**AIM OF THE EXERCISE**
Copy nothing but the lines below running from the line containing "(N : lmodType R) : Prop" through the line containing "(for every n-presentation", both end lines included.

(Dataset entries)
(* Let $R$ be an associative ring with identity, let $\mathscr{X}$ be a class of left $R$-modules, and let $n\geq 1$ be an integer such that $\mathscr{X}_n$ is nonempty. Then $R$ is left $n$-$\mathscr{X}$-coherent if and only if every right $R$-module has an $n$-$\mathscr{X}$-flat preenvelope.
   Context: A module $M$ is $m$-presented if there is an exact sequence $F_m\to\cdots\to F_0\to M\to 0$ with each $F_i$ finitely generated free. $\mathscr{X}_n$ denotes the class of $n$-presented modules in $\mathscr{X}$. $R$ is left $n$-$\mathscr{X}$-coherent if $\mathscr{X}_n\neq\emptyset$ and every module in $\mathscr{X}_n$ is $(n+1)$-presented. A right $R$-module $M$ is $n$-$\mathscr{X}$-flat if $\mathrm{Tor}^R_n(M,N)=0$ for all $N\in\mathscr{X}_n$. An $n$-$\mathscr{X}$-flat preenvelope of a right module $M$ is a homomorphism $\varphi:M\to F$ with $F$ an $n$-$\mathscr{X}$-flat right module such that for every homomorphism $\varphi':M\to F'$ with $F'$ $n$-$\mathscr{X}$-flat there exists $f:F\to F'$ with $\varphi'=f\varphi$. *)

From HB Require Import structures.
From mathcomp Require Import all_boot all_order all_algebra.
Set Implicit Arguments. Unset Strict Implicit. Unset Printing Implicit Defensive.
Import GRing.Theory.
Local Open Scope ring_scope.

(* Conventions.
   - R : pzRingType is an associative ring with identity.
   - A left R-module is an [lmodType R]; a right R-module is an
     [lmodType R^c] (scaling [r *: m] in [R^c] is the right action m.r).
   - The finitely generated free left module R^k is the row space 'rV[R]_k
     (left action: entrywise left multiplication); a left-linear map
     R^a -> R^b is right multiplication [v |-> v *m A] by A : 'M[R]_(a,b);
     a linear map R^k -> N is [v |-> \sum_j v 0 j *: g j] for generators g. *)

(* An m-presentation  F_m -> ... -> F_1 -> F_0 -> N -> 0  of a left module N,
   with F_i = R^(k i), the map F_(i+1) -> F_i given by A i, exact at N and at
   F_0, ..., F_(m-1). *)
Record presentation (R : pzRingType) (N : lmodType R) (m : nat) := Presentation {
  pres_k : nat -> nat;
  pres_A : forall i : nat, 'M[R]_(pres_k i.+1, pres_k i);
  pres_g : 'I_(pres_k 0) -> N;
  pres_surj : forall y : N, exists v : 'rV[R]_(pres_k 0),
      y = \sum_j v 0 j *: pres_g j;
  pres_exact0 : (0 < m)%N -> forall v : 'rV[R]_(pres_k 0),
      (\sum_j v 0 j *: pres_g j = 0) <-> exists w, v = w *m pres_A 0;
  pres_exact : forall i : nat, (i.+2 <= m)%N -> forall v : 'rV[R]_(pres_k i.+1),
      (v *m pres_A i = 0) <-> exists w, v = w *m pres_A i.+1
}.

Definition n_presented (R : pzRingType) (N : lmodType R) (m : nat) : Prop :=
  inhabited (presentation N m).

Definition in_Xn (R : pzRingType) (X : lmodType R -> Prop) (n : nat)
  (N : lmodType R) : Prop := X N /\ n_presented N n.

Definition left_n_X_coherent (R : pzRingType) (X : lmodType R -> Prop)
  (n : nat) : Prop :=
  (exists N : lmodType R, in_Xn X n N) /\
  forall N : lmodType R, in_Xn X n N -> n_presented N n.+1.

(* Tor_n^R(M, N) = 0 for n >= 1, a right module M and a left module N given
   with an n-presentation P, computed as the n-th homology of M (x) F_*, where
   F_* is the free resolution  ... -> F_(n+1) -> F_n -> ... -> F_0 -> N
   extending P by F_(n+1) = free module on K = ker(F_n -> F_(n-1)).
   Under M (x) R^k = M^k, the map M (x) F_n -> M (x) F_(n-1) sends
   x to (j |-> \sum_l x_l . A_(l j)), and the image of M (x) F_(n+1) in
   M (x) F_n = M^k is the additive span of the elements (l |-> m . a_l),
   m in M, a in K.  (Only meaningful for n >= 1, where F_n = R^(k (n.-1).+1).) *)
Definition Tor_vanishes (R : pzRingType) (n : nat) (M : lmodType R^c)
  (N : lmodType R) (P : presentation N n) : Prop :=
  let k := pres_k P in let A := pres_A P in
  forall x : 'I_(k n.-1.+1) -> M,
    (forall j : 'I_(k n.-1), \sum_l ((A n.-1 l j : R^c) *: x l) = 0) ->
    exists s : seq (M * 'rV[R]_(k n.-1.+1)),
      (forall t, t \in s -> t.2 *m A n.-1 = 0) /\
      forall l, x l = \sum_(t <- s) ((t.2 0 l : R^c) *: t.1).

(* A right module M is n-X-flat: Tor_n(M, N) = 0 for all N in X_n
   (for every n-presentation of N; Tor does not depend on it). *)
Definition n_X_flat (R : pzRingType) (X : lmodType R -> Prop) (n : nat)
  (M : lmodType R^c) : Prop :=
  forall N : lmodType R, forall P : presentation N n, X N -> Tor_vanishes M P.

Definition n_X_flat_preenvelope (R : pzRingType) (X : lmodType R -> Prop)
  (n : nat) (M F : lmodType R^c) (phi : {linear M -> F}) : Prop :=
  n_X_flat X n F /\
  forall (F' : lmodType R^c) (phi' : {linear M -> F'}), n_X_flat X n F' ->
    exists f : {linear F -> F'}, forall x : M, phi' x = f (phi x).

Definition has_n_X_flat_preenvelope (R : pzRingType) (X : lmodType R -> Prop)
  (n : nat) (M : lmodType R^c) : Prop :=
  exists (F : lmodType R^c) (phi : {linear M -> F}),
    n_X_flat_preenvelope X n phi.

(* Coherent implies preenvelopes: for N in X_n, coherence makes the top kernel
   of an n-presentation finitely generated, by the rows of some matrix B, so
   Tor_n(F, N) = 0 becomes the lifting condition "every x with x A = 0
   factors through B".  A class cut out by such conditions has preenvelopes:
   take the module generated by M and by formal lifts, modulo the identities
   valid in every interpretation; it satisfies the conditions by construction,
   and a map from M into an n-X-flat module extends by choosing actual lifts.
   Preenvelopes imply coherent: R is n-X-flat, hence so is every power R^K,
   being a retract of its preenvelope.  For K the top kernel of an
   n-presentation of N in X_n, Tor-vanishing on the tautological element of
   R^K writes all of K through finitely many of its elements, and the
   presentation extends by one step. *)

From HB Require Import structures.
From mathcomp Require Import all_boot all_order all_algebra.
From mathcomp Require Import boolp functions.
Set Implicit Arguments. Unset Strict Implicit. Unset Printing Implicit Defensive.
Import GRing.Theory.
Local Open Scope ring_scope.

#[local] Arguments pres_g {R N m} p _.
#[local] Arguments pres_exact0 {R N m} p _ v.
#[local] Arguments pres_exact {R N m} p {i} _ v.

Section LinearCombinations.
Variables (R : pzRingType) (N : lmodType R).

Lemma comb_mulmx a b p (g : 'I_a -> N) (h : 'I_b -> N) (f : 'M[R]_(a, b))
    (Y : 'M[R]_(p, a)) r :
  (forall j, g j = \sum_l f j l *: h l) ->
  \sum_l (Y *m f) r l *: h l = \sum_j Y r j *: g j.
Proof.
move=> gE; under eq_bigr => l _ do rewrite mxE scaler_suml.
rewrite exchange_big /=; apply: eq_bigr => j _.
by rewrite gE scaler_sumr; apply: eq_bigr => l _; rewrite scalerA.
Qed.

Lemma comb_mx1 a (g : 'I_a -> N) r : \sum_l (1%:M : 'M[R]_a) r l *: g l = g r.
Proof.
rewrite (bigD1 r) //= big1 ?addr0; first by rewrite mxE eqxx scale1r.
by move=> l /negbTE nrl; rewrite mxE eq_sym nrl scale0r.
Qed.

Lemma pres_gen_change m1 m2 (P : presentation N m1) (Q : presentation N m2) :
  exists f : 'M[R]_(pres_k P 0, pres_k Q 0),
    forall j, pres_g P j = \sum_l f j l *: pres_g Q l.
Proof.
have [w wE] := fin_all_exists (fun j => pres_surj Q (pres_g P j)).
by exists (\matrix_j w j) => j; rewrite wE; apply: eq_bigr => l _; rewrite !mxE.
Qed.

End LinearCombinations.

Definition mx_exact (R : pzRingType) a b c (A : 'M[R]_(a, b)) (B : 'M[R]_(c, a)) :=
  forall v : 'rV[R]_a, v *m A = 0 <-> exists w, v = w *m B.

Section Cycles.
Variables (R : pzRingType) (N : lmodType R) (m : nat) (P : presentation N m).
Local Notation k := (pres_k P).
Local Notation A := (pres_A P).

Definition cycles (i p : nat) : 'M[R]_(p, k i) -> Prop :=
  match i return 'M[R]_(p, k i) -> Prop with
  | 0 => fun Y => forall r, \sum_j Y r j *: pres_g P j = 0
  | j.+1 => fun Y => Y *m A j = 0
  end.

Lemma cyclesMl i p q (Z : 'M[R]_(q, p)) Y : @cycles i p Y -> cycles (Z *m Y).
Proof.
case: i Y => [|j] Y /= Y0; last by rewrite -mulmxA Y0 mulmx0.
move=> r; rewrite (comb_mulmx (g := fun s => \sum_j Y s j *: pres_g P j)) //.
by rewrite big1 // => s _; rewrite Y0 scaler0.
Qed.

Lemma cyclesP i p (Y : 'M[R]_(p, k i)) : cycles Y <-> forall r, cycles (row r Y).
Proof.
case: i Y => [|j] Y /=; split.
- by move=> Y0 r r0; under eq_bigr do rewrite mxE; exact: Y0.
- by move=> Y0 r; have := Y0 r ord0; under eq_bigr do rewrite mxE.
- by move=> Y0 r; rewrite -row_mul Y0; apply/rowP => l; rewrite !mxE.
- move=> Y0; apply/row_matrixP => r.
  by rewrite row_mul Y0; apply/rowP => l; rewrite !mxE.
Qed.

**WRITTEN ANSWER**
  (N : lmodType R) : Prop := X N /\ n_presented N n.

Definition left_n_X_coherent (R : pzRingType) (X : lmodType R -> Prop)
  (n : nat) : Prop :=
  (exists N : lmodType R, in_Xn X n N) /\
  forall N : lmodType R, in_Xn X n N -> n_presented N n.+1.

(* Tor_n^R(M, N) = 0 for n >= 1, a right module M and a left module N given
   with an n-presentation P, computed as the n-th homology of M (x) F_*, where
   F_* is the free resolution  ... -> F_(n+1) -> F_n -> ... -> F_0 -> N
   extending P by F_(n+1) = free module on K = ker(F_n -> F_(n-1)).
   Under M (x) R^k = M^k, the map M (x) F_n -> M (x) F_(n-1) sends
   x to (j |-> \sum_l x_l . A_(l j)), and the image of M (x) F_(n+1) in
   M (x) F_n = M^k is the additive span of the elements (l |-> m . a_l),
   m in M, a in K.  (Only meaningful for n >= 1, where F_n = R^(k (n.-1).+1).) *)
Definition Tor_vanishes (R : pzRingType) (n : nat) (M : lmodType R^c)
  (N : lmodType R) (P : presentation N n) : Prop :=
  let k := pres_k P in let A := pres_A P in
  forall x : 'I_(k n.-1.+1) -> M,
    (forall j : 'I_(k n.-1), \sum_l ((A n.-1 l j : R^c) *: x l) = 0) ->
    exists s : seq (M * 'rV[R]_(k n.-1.+1)),
      (forall t, t \in s -> t.2 *m A n.-1 = 0) /\
      forall l, x l = \sum_(t <- s) ((t.2 0 l : R^c) *: t.1).

(* A right module M is n-X-flat: Tor_n(M, N) = 0 for all N in X_n
   (for every n-presentation of N; Tor does not depend on it). *)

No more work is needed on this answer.